▶ _WHAT TO PRODUCE_: If a line below contains the word "ring", count it. Please give the total and nothing else.

▼

Lemma rel_prime_half_root : rel_prime a β0.
Proof.
  destruct (middle_coef_spec p a b0 ltac:(lia) Hb0) as (_ & _ & Hdiv).
  constructor; [apply Z.divide_1_l | apply Z.divide_1_l |]; intros d Hda Hdβ0.
  destruct (rel_prime_le_prime a p Hp ltac:(lia)) as [_ _ Hap]; apply Hap; [exact Hda|].
  replace p with ((β0 * β0 + p) - β0 * β0) by ring.
  apply Z.divide_sub_r; [eauto using Z.divide_trans | now apply Z.divide_mul_l].
Qed.

Lemma divide_diff_squares β : (a | β * β + p) -> (a | (β - β0) * (β + β0)).
Proof.
  destruct (middle_coef_spec p a b0 ltac:(lia) Hb0) as (_ & _ & Hdiv); intros Hβ.
  replace ((β - β0) * (β + β0)) with ((β * β + p) - (β0 * β0 + p)) by ring.
  now apply Z.divide_sub_r.
Qed.

Lemma odd_of_half_middle_coef b : (2 | a) -> In b (middle_coefs (- 4 * p) a) -> Z.odd (b / 2) = true.
Proof.
  intros H2a Hb; destruct (middle_coef_spec p a b ltac:(lia) Hb) as (_ & _ & Hdiv).
  exact (odd_of_square_root_mod_even a _ p Hp_odd H2a Hdiv).
Qed.

Lemma root_signature_injective b1 b2 :
  In b1 (middle_coefs (- 4 * p) a) -> In b2 (middle_coefs (- 4 * p) a) ->
  root_signature b1 = root_signature b2 -> b1 = b2.
Proof.
  intros Hb1 Hb2 Hsig; injection Hsig as Hgcd Hres.
  destruct (middle_coef_spec p a b1 ltac:(lia) Hb1) as (Hr1 & He1 & Hd1).
  destruct (middle_coef_spec p a b2 ltac:(lia) Hb2) as (Hr2 & He2 & Hd2).
  assert (Hma : (m | a)) by (exists (2 ^ Z.of_nat e); lia).
  assert (Hodd : (m | b1 / 2 - b2 / 2)).
  { apply (odd_sqrt_determined_by_gcd m β0); auto.
    - apply (rel_prime_div a); [exact rel_prime_half_root | exact Hma].
    - apply (Z.divide_trans _ a); [exact Hma | now apply divide_diff_squares].
    - apply (Z.divide_trans _ a); [exact Hma | now apply divide_diff_squares]. }
  assert (Htwo : (2 ^ Z.of_nat e | b1 / 2 - b2 / 2)).
  { apply Z.cong_iff_ex in Hres as [n Hn]; exists n; lia. }
  assert (Hdiv : (a | b1 / 2 - b2 / 2)).
  { rewrite Ha_split; apply divide_mul_coprime; auto using rel_prime_pow2_odd. }
  destruct Hdiv as [t Ht]; assert (t = 0) by nia; lia.
Qed.

Lemma root_signature_in b : In b (middle_coefs (- 4 * p) a) ->
  In (root_signature b) (list_prod (odd_divisors N a) (two_adic_residues e β0)).
Proof.
  intros Hb; destruct (middle_coef_spec p a b ltac:(lia) Hb) as (Hr & He & Hd).
  apply in_prod_iff; split.
  - set (g := Z.gcd m (b / 2 - β0)).
    assert (Hgm : (g | m)) by apply Z.gcd_divide_l.
    assert (Hma : (m | a)) by (exists (2 ^ Z.of_nat e); lia).
    assert (Hg : 0 < g).
    { assert (g <> 0) by (intros Hz; apply Z.gcd_eq_0 in Hz; lia). pose proof (Z.gcd_nonneg m (b / 2 - β0)); lia. }
    assert (g <= m) by (apply Z.divide_pos_le; auto).
    assert (m <= a) by (apply Z.divide_pos_le; auto; lia).
    unfold odd_divisors; apply filter_In; rewrite in_zrange; split; [lia|].
    apply Bool.andb_true_iff; split; [eauto using odd_of_divide|].
    apply Z.eqb_eq, Z.mod_divide; [lia | eauto using Z.divide_trans].
  - destruct e as [|e'] eqn:He'.
    + left; symmetry; apply Z.mod_1_r.
    + assert (H2a : (2 | a)) by (exists (2 ^ Z.of_nat e' * m); rewrite Ha_split, Nat2Z.inj_succ, Z.pow_succ_r; lia).
      apply two_adic_residue_in; try apply odd_of_half_middle_coef; auto.
      apply (Z.divide_trans _ a); [exists m; lia | now apply divide_diff_squares].
Qed.

End MiddleCoefficients.

Lemma length_middle_coefs_le p a N : prime p -> Z.odd p = true -> 1 <= a < p -> a <= N ->
  (length (middle_coefs (- 4 * p) a) <= Z.to_nat (two_adic_weight a) * length (odd_divisors N a))%nat.
Proof.
  intros Hp Hp_odd Ha HaN.
  destruct (middle_coefs (- 4 * p) a) as [|b0 bs] eqn:Hcoefs; [simpl; lia|].
  rewrite <- Hcoefs.
  assert (Hb0 : In b0 (middle_coefs (- 4 * p) a)) by (rewrite Hcoefs; now left).
  destruct (odd_part_decomposition a ltac:(lia)) as (e & m & Ha_split & Hm_odd & Hm).
  eapply Nat.le_trans.
  - apply (length_le_of_injective _ (list_prod (odd_divisors N a) (two_adic_residues e (b0 / 2)))
             (root_signature e m b0)).
    + apply NoDup_filter, NoDup_zrange.
    + intros b1 b2; eapply root_signature_injective; eauto.
    + intros b; eapply root_signature_in; eauto.
  - rewrite length_prod, Nat.mul_comm; apply Nat.mul_le_mono_r.
    rewrite Ha_split; apply length_two_adic_residues.
Qed.

(** * The weighted divisor sum *)

Definition zsum (f : Z -> Z) (l : list Z) : Z := fold_right (fun x acc => f x + acc) 0 l.

Lemma zsum_app f l1 l2 : zsum f (l1 ++ l2) = zsum f l1 + zsum f l2.
Proof. induction l1 as [|x l IH]; simpl; [reflexivity|]; unfold zsum in *; simpl; lia. Qed.

Lemma zsum_ext f g l : (forall x, In x l -> f x = g x) -> zsum f l = zsum g l.
Proof.
  induction l as [|x l IH]; intros H; [reflexivity|].
  unfold zsum in *; simpl; rewrite H, IH; auto with datatypes.
Qed.

Lemma zsum_le f g l : (forall x, In x l -> f x <= g x) -> zsum f l <= zsum g l.
Proof.
  induction l as [|x l IH]; intros H; unfold zsum in *; simpl; [lia|].
  pose proof (H x (or_introl eq_refl)); pose proof (IH (fun y Hy => H y (or_intror Hy))); lia.
Qed.

Lemma zsum_add f g l : zsum (fun x => f x + g x) l = zsum f l + zsum g l.
Proof. induction l as [|x l IH]; unfold zsum in *; simpl; lia. Qed.

Lemma zsum_scale c f l : zsum (fun x => c * f x) l = c * zsum f l.
Proof. induction l as [|x l IH]; unfold zsum in *; simpl; [ring|]; rewrite IH; ring. Qed.

Lemma zsum_0 l : zsum (fun _ => 0) l = 0.
Proof. induction l as [|x l IH]; [reflexivity | exact IH]. Qed.

Lemma zsum_comm (h : Z -> Z -> Z) l1 l2 :
  zsum (fun x => zsum (fun y => h x y) l2) l1 = zsum (fun y => zsum (fun x => h x y) l1) l2.
Proof.
  induction l1 as [|x l1 IH]; [symmetry; apply zsum_0|].
  change (zsum (fun y => h x y) l2 + zsum (fun x => zsum (fun y => h x y) l2) l1 =
          zsum (fun y => h x y + zsum (fun x => h x y) l1) l2).
  rewrite IH, zsum_add; reflexivity.
Qed.

Lemma length_filter_zsum (P : Z -> bool) l :
  Z.of_nat (length (filter P l)) = zsum (fun x => if P x then 1 else 0) l.
Proof.
  induction l as [|x l IH]; [reflexivity|].
  change (zsum _ (x :: l)) with ((if P x then 1 else 0) + zsum (fun x => if P x then 1 else 0) l).
  simpl filter; destruct (P x); [simpl length; rewrite Nat2Z.inj_succ|]; lia.
Qed.

Lemma list_sum_map_zsum (f : Z -> nat) l :
  Z.of_nat (list_sum (map f l)) = zsum (fun x => Z.of_nat (f x)) l.
Proof. induction l as [|x l IH]; [reflexivity|]; simpl; rewrite Nat2Z.inj_add, IH; reflexivity. Qed.

Lemma div_add_1 n d : 0 <= n -> 0 < d -> (n + 1) / d = n / d + divides_ind d (n + 1).
Proof.
  intros Hn Hd; unfold divides_ind.
  pose proof (Z.div_mod n d ltac:(lia)); pose proof (Z.mod_pos_bound n d Hd).
  destruct (Z.eq_dec (n mod d) (d - 1)) as [E | E].
  - rewrite <- (Z.mod_unique_pos (n + 1) d (n / d + 1) 0) by lia; simpl.
    symmetry; apply Z.div_unique_pos with 0; lia.
  - rewrite <- (Z.mod_unique_pos (n + 1) d (n / d) (n mod d + 1)) by lia.
    destruct (Z.eqb_spec (n mod d + 1) 0); [lia|].
    symmetry; apply Z.div_unique_pos with (n mod d + 1); lia.
Qed.

Lemma zsum_divides_ind d n : 0 < d -> zsum (divides_ind d) (zrange 1 n) = Z.of_nat n / d.
Proof.
  intros Hd; induction n as [|n IH]; [reflexivity|].
  rewrite zrange_S, zsum_app, IH, Nat2Z.inj_succ, <- Z.add_1_r, div_add_1 by lia.
  unfold zsum; cbn [fold_right]; rewrite Z.add_0_r, (Z.add_comm 1); reflexivity.
Qed.

Lemma divides_ind_mul_coprime c g a : rel_prime c g -> c <> 0 -> g <> 0 ->
  divides_ind (c * g) a = divides_ind c a * divides_ind g a.
Proof.
  intros Hcop Hc Hg.
  destruct (divides_ind_cases (c * g) a ltac:(lia)) as [[H E] | [H E]],
    (divides_ind_cases c a Hc) as [[Hca Ec] | [Hca Ec]],
    (divides_ind_cases g a Hg) as [[Hga Eg] | [Hga Eg]];
    rewrite E, Ec, Eg; try reflexivity; exfalso.
  all: try (apply H; now apply divide_mul_coprime).
  all: try (apply Hca; apply (Z.divide_trans _ (c * g)); [apply Z.divide_factor_l | exact H]).
  all: apply Hga; apply (Z.divide_trans _ (c * g)); [apply Z.divide_factor_r | exact H].
Qed.

Definition weighted_odd_divisor_count (X : Z) : Z :=
  zsum (fun a => two_adic_weight a * Z.of_nat (length (odd_divisors X a))) (zrange 1 (Z.to_nat X)).

Lemma length_candidate_forms_le p X : prime p -> Z.odd p = true -> X < p ->
  Z.of_nat (length (candidate_forms (- 4 * p) X)) <= weighted_odd_divisor_count X.
Proof.
  intros Hp Hp_odd HXp.
  unfold candidate_forms; rewrite length_flat_map, list_sum_map_zsum.
  apply zsum_le; intros a Ha%in_zrange; rewrite length_map.
  pose proof (length_middle_coefs_le p a X Hp Hp_odd ltac:(lia) ltac:(lia)) as Hle.
  assert (0 <= two_adic_weight a) by (unfold two_adic_weight; pose proof (divides_ind_bounds 4 a);
                                     pose proof (divides_ind_bounds 8 a); lia).
  apply inj_le in Hle; rewrite Nat2Z.inj_mul, Z2Nat.id in Hle; lia.
Qed.

Lemma two_adic_weight_mul_divides_ind g a : Z.odd g = true ->
  two_adic_weight a * divides_ind g a = divides_ind g a + divides_ind (4 * g) a + 2 * divides_ind (8 * g) a.
Proof.
  intros Hg; assert (Hg0 : g <> 0) by (intros ->; discriminate).
  rewrite (divides_ind_mul_coprime 4), (divides_ind_mul_coprime 8) by
    (try lia; exact (rel_prime_pow2_odd 2 g Hg) || exact (rel_prime_pow2_odd 3 g Hg)).
  unfold two_adic_weight; ring.
Qed.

▲

▶ _RESULT OF THE EXERCISE_: 4